# Teaching in Canada (BC)



## kd268 (Aug 3, 2013)

Hello, 

I wondered if anyone has moved from Scotland to Canada with a Primary Teaching degree and could tell me about their experience. I will be soon finishing my 4 year Bachelors degree in Primary Education and going into my probationary teaching year in Scotland in August. After that year I will be registered as a fully qualified teacher in Scotland and will have a years full time class teaching experience. 

I was born in Canada and therefore have dual nationality and can move there without needing a visa. My partner has been offered an opportunity to work with a company in Vancouver and hopefully this will be long term (We are still in the process of finding out details) so he will have a work visa. 

I have been looking at BC's teaching requirements and I think my experience and course will meet them all except a module on Canadian studies. I get the impression that I would hopefully be able to obtain an conditional teaching certificate which will last 60 months. I also understand if the take the modules required I can upgrade to a full certificate. Is this correct?

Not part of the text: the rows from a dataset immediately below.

Lemma esubdiff_fconjE eps x (s : dual X) :
  esubdiff f eps x s <-> f x + fconj f s <= (s x + eps)%:E.
Proof.
have s_lin := dfun_linear s; split.
- case=> + hs; case Ex : (f x) (f_nninf x) => [F| |] // _ _.
  have : fconj f s <= (s x + eps - F)%:E.
    apply: ge_fconj => y; have := hs y; rewrite Ex.
    case: (f y) => [G| |] //= hG; last by rewrite leNye.
    by rewrite -!EFinB !lee_fin (linear_funB s_lin) in hG *; lra.
  case: (fconj f s) (fconj_nninf s) => [C| |] //= _.
  by rewrite -EFinD !lee_fin; lra.
- case Ex : (f x) (f_nninf x) => [F| |] // _; last first.
    by case: (fconj f s) (fconj_nninf s).
  case EC : (fconj f s) (fconj_nninf s) => [C| |] // _.
  rewrite -EFinD lee_fin => gap; split; first by rewrite Ex ltry.
  move=> y; have := fenchel_young s y; rewrite EC Ex.
  case: (f y) (f_nninf y) => [G| |] //= _; last by rewrite leey.
  by rewrite -EFinB !lee_fin (linear_funB s_lin); lra.
Qed.

Lemma fconj_gap_Tbreve eps x (s : dual X) :
  f x + fconj f s <= (s x + eps)%:E -> Tbreve (fFY f) eps x s.
Proof.
have s_lin := dfun_linear s.
case Ex : (f x) (f_nninf x) => [F| |] // _; last first.
  by case: (fconj f s) (fconj_nninf s).
case EC : (fconj f s) (fconj_nninf s) => [C| |] // _.
rewrite -EFinD lee_fin => gap; rewrite /Tbreve /esubdiff2 /fFY /= Ex EC.
split; first by rewrite -EFinD ltry.
move=> [w ws] /=; have := fenchel_young s w; have := fenchel_young ws x.
rewrite EC Ex; case: (f w) (f_nninf w) => [W| |] //= _; last first.
  by case: (fconj f ws) (fconj_nninf ws) => [D| |] //= _ _ _; rewrite leey.
case: (fconj f ws) => [D| |] //= hD hC; last by rewrite leey.
rewrite !lee_fin in hD hC; rewrite -!EFinD lee_fin !(linear_funB s_lin); lra.
Qed.

Lemma Tbreve_fconj_gap eps x (s : dual X) :
  lower_semicontinuous f -> convex_fun f ->
  Tbreve (fFY f) eps x s -> f x + fconj f s <= (s x + eps)%:E.
Proof.
move=> f_lsc f_cvx; rewrite /Tbreve /esubdiff2 /fFY /= => -[fin hyp].
have s_lin := dfun_linear s.
case Ex : (f x) fin (f_nninf x) => [F| |] //; last first.
  by case: (fconj f s) (fconj_nninf s).
move=> + _; case EC : (fconj f s) (fconj_nninf s) => [C| |] // _ _.
rewrite -EFinD lee_fin; apply/ler_addgt0Pr => e e0.
have [ws ws_sub] : esubdiff f e x !=set0.
  by apply: esubdiff_neq0; rewrite ?Ex ?ltry.
have := (esubdiff_fconjE e x ws).1 ws_sub; rewrite Ex.
case ED : (fconj f ws) (fconj_nninf ws) => [D| |] // _.
rewrite -EFinD lee_fin => hD.
have : fconj f s <= (2 * s x + 2 * eps + e - 2 * F - C)%:E.
  apply: ge_fconj => y; have := hyp (y, ws); rewrite /= ED Ex EC.
  case: (f y) (f_nninf y) => [G| |] //= _; last by rewrite addeNy leNye.
  by rewrite -!EFinD !lee_fin !(linear_funB s_lin); lra.
by rewrite EC lee_fin; lra.
Qed.

End FenchelConjugate.

Theorem corollary3p1 (R : realType) (X : completeNormedModType R)
  (f : X -> \bar R) :
  reflexive_space X -> lower_semicontinuous f -> proper_fun f -> convex_fun f ->
  forall (eps : R) (x : X), 0 <= eps -> esubdiff f eps x = Tbreve (fFY f) eps x.
Proof.
move=> _ f_lsc f_proper f_cvx eps x _; apply/seteqP; split => s.
- by move/(esubdiff_fconjE f_proper); exact: fconj_gap_Tbreve.
- by move/(Tbreve_fconj_gap f_proper f_lsc f_cvx)/(esubdiff_fconjE f_proper).
Qed.
(* Let $u(x,t)$ and $\Phi_n=(\varphi_1,\ldots,\varphi_n)$ be a (smooth) solution of the KdV equation with self-consistent sources of degree $n$, $$u_t+6uu_x+u_{xxx}+4\sum_{j=1}^n\varphi_j\varphi_{j,x}=0,\qquad \varphi_{j,xx}+(\lambda_j+u)\varphi_j=0,\ j=1,\ldots,n,$$ with distinct real constants $\lambda_1,\ldots,\lambda_n$. Let $\xi\notin\{\lambda_1,\ldots,\lambda_n\}$ and let $f$ be a solution of the Lax system $$\phi_{xx}+(\lambda+u)\phi=0,\qquad \phi_t=A_n(\lambda,u,\Phi_n)\phi$$ with $\lambda=\xi$ (belonging to a family $f(x,t;\xi)$ of such solutions depending smoothly on $\xi$, so that $\omega(f,f)$ below is defined). Let $\lambda\neq\xi$ and let $\phi$ be a solution of the same Lax system with spectral parameter $\lambda$. Let $e(t)$ be an arbitrary differentiable function of $t$ and define $$\bar\phi=\phi-\frac{f\,\omega(f,\phi)}{e(t)+\omega(f,f)},\qquad \bar u=u+2\partial_x^2\ln[e(t)+\omega(f,f)],\qquad \bar\varphi_j=\varphi_j-\frac{f\,\omega(f,\varphi_j)}{e(t)+\omega(f,f)},\ j=1,\ldots,n,$$ and $\bar\Phi_n=(\bar\varphi_1,\ldots,\bar\varphi_n)$. Then $$\phi_t-\frac{f_t\,\omega(f,\phi)}{e(t)+\omega(f,f)}+\frac{f\,\partial_t\omega(f,f)}{[e(t)+\omega(f,f)]^2}\,\omega(f,\phi)-\frac{f\,\partial_t\omega(f,\phi)}{e(t)+\omega(f,f)}=A_n(\lambda,\bar u,\bar\Phi_n)\bar\phi .$$ (For constant $e(t)\equiv C$ the left-hand side equals $\bar\phi_t$.)
   Context: All functions are functions of $(x,t)$. $W(g,h)=g h_x-g_x h$ denotes the Wronskian. For a spectral parameter $\lambda$ and $\Phi_n=(\varphi_1,\ldots,\varphi_n)$ with $\varphi_j$ associated to $\lambda_j$, the operator $A_n$ is $$A_n(\lambda,u,\Phi_n)\phi=u_x\phi+(4\lambda-2u)\phi_x+\sum_{j=1}^n\frac{\varphi_j}{\lambda_j-\lambda}W(\varphi_j,\phi).$$ If $f$ solves $f_{xx}+(\xi+u)f=0$ and $g$ solves $g_{xx}+(\eta+u)g=0$ with $\eta\neq\xi$, then $\omega(f,g)=\dfrac{W(f,g)}{\xi-\eta}$ (in particular $\omega(f,\phi)=W(f,\phi)/(\xi-\lambda)$ and $\omega(f,\varphi_j)=W(f,\varphi_j)/(\xi-\lambda_j)$). If $f=f(x,t;\xi)$ depends smoothly on $\xi$, then $\omega(f,f)=\lim_{\eta\to\xi}\frac{W(f(\xi),f(\eta))}{\xi-\eta}=-W(f,\partial_\xi f)$; it satisfies $\partial_x\omega(f,f)=f^2$. *)

From Stdlib Require Import Reals List.
From Coquelicot Require Import Coquelicot.
Open Scope R_scope.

Does anyone know how easily a Scottish degree is matched a Canadian one? My university does take a lot of Canadian students into the degree so I hope it is. 

Also I know the job market is very difficult to get into and competitive however I'm not daunted by this. As a NQT I would face this in my own country and I'm not fazed about working supply of temporary contracts at the start. I have no need to hold a permanent job for a visa and my partner's job is in a good sector so he will be bringing in enough to support us both (though not lavishly)if need be. 

Anyone who can answer any of my questions or has any experience to share would be very much appreciated.


----------



## kd268 (Aug 3, 2013)

Bump. Anyone?


----------



## Liam(at)Large (Sep 2, 2012)

There are an overabundance of teachers in Canada and as such there is not a demand. Be prepared to substitute, possibly for years, while looking for fulltime. I know a teacher friend, it took him 7 years to get a fulltime placement in the GTA, I understand Vancouver is similar.


----------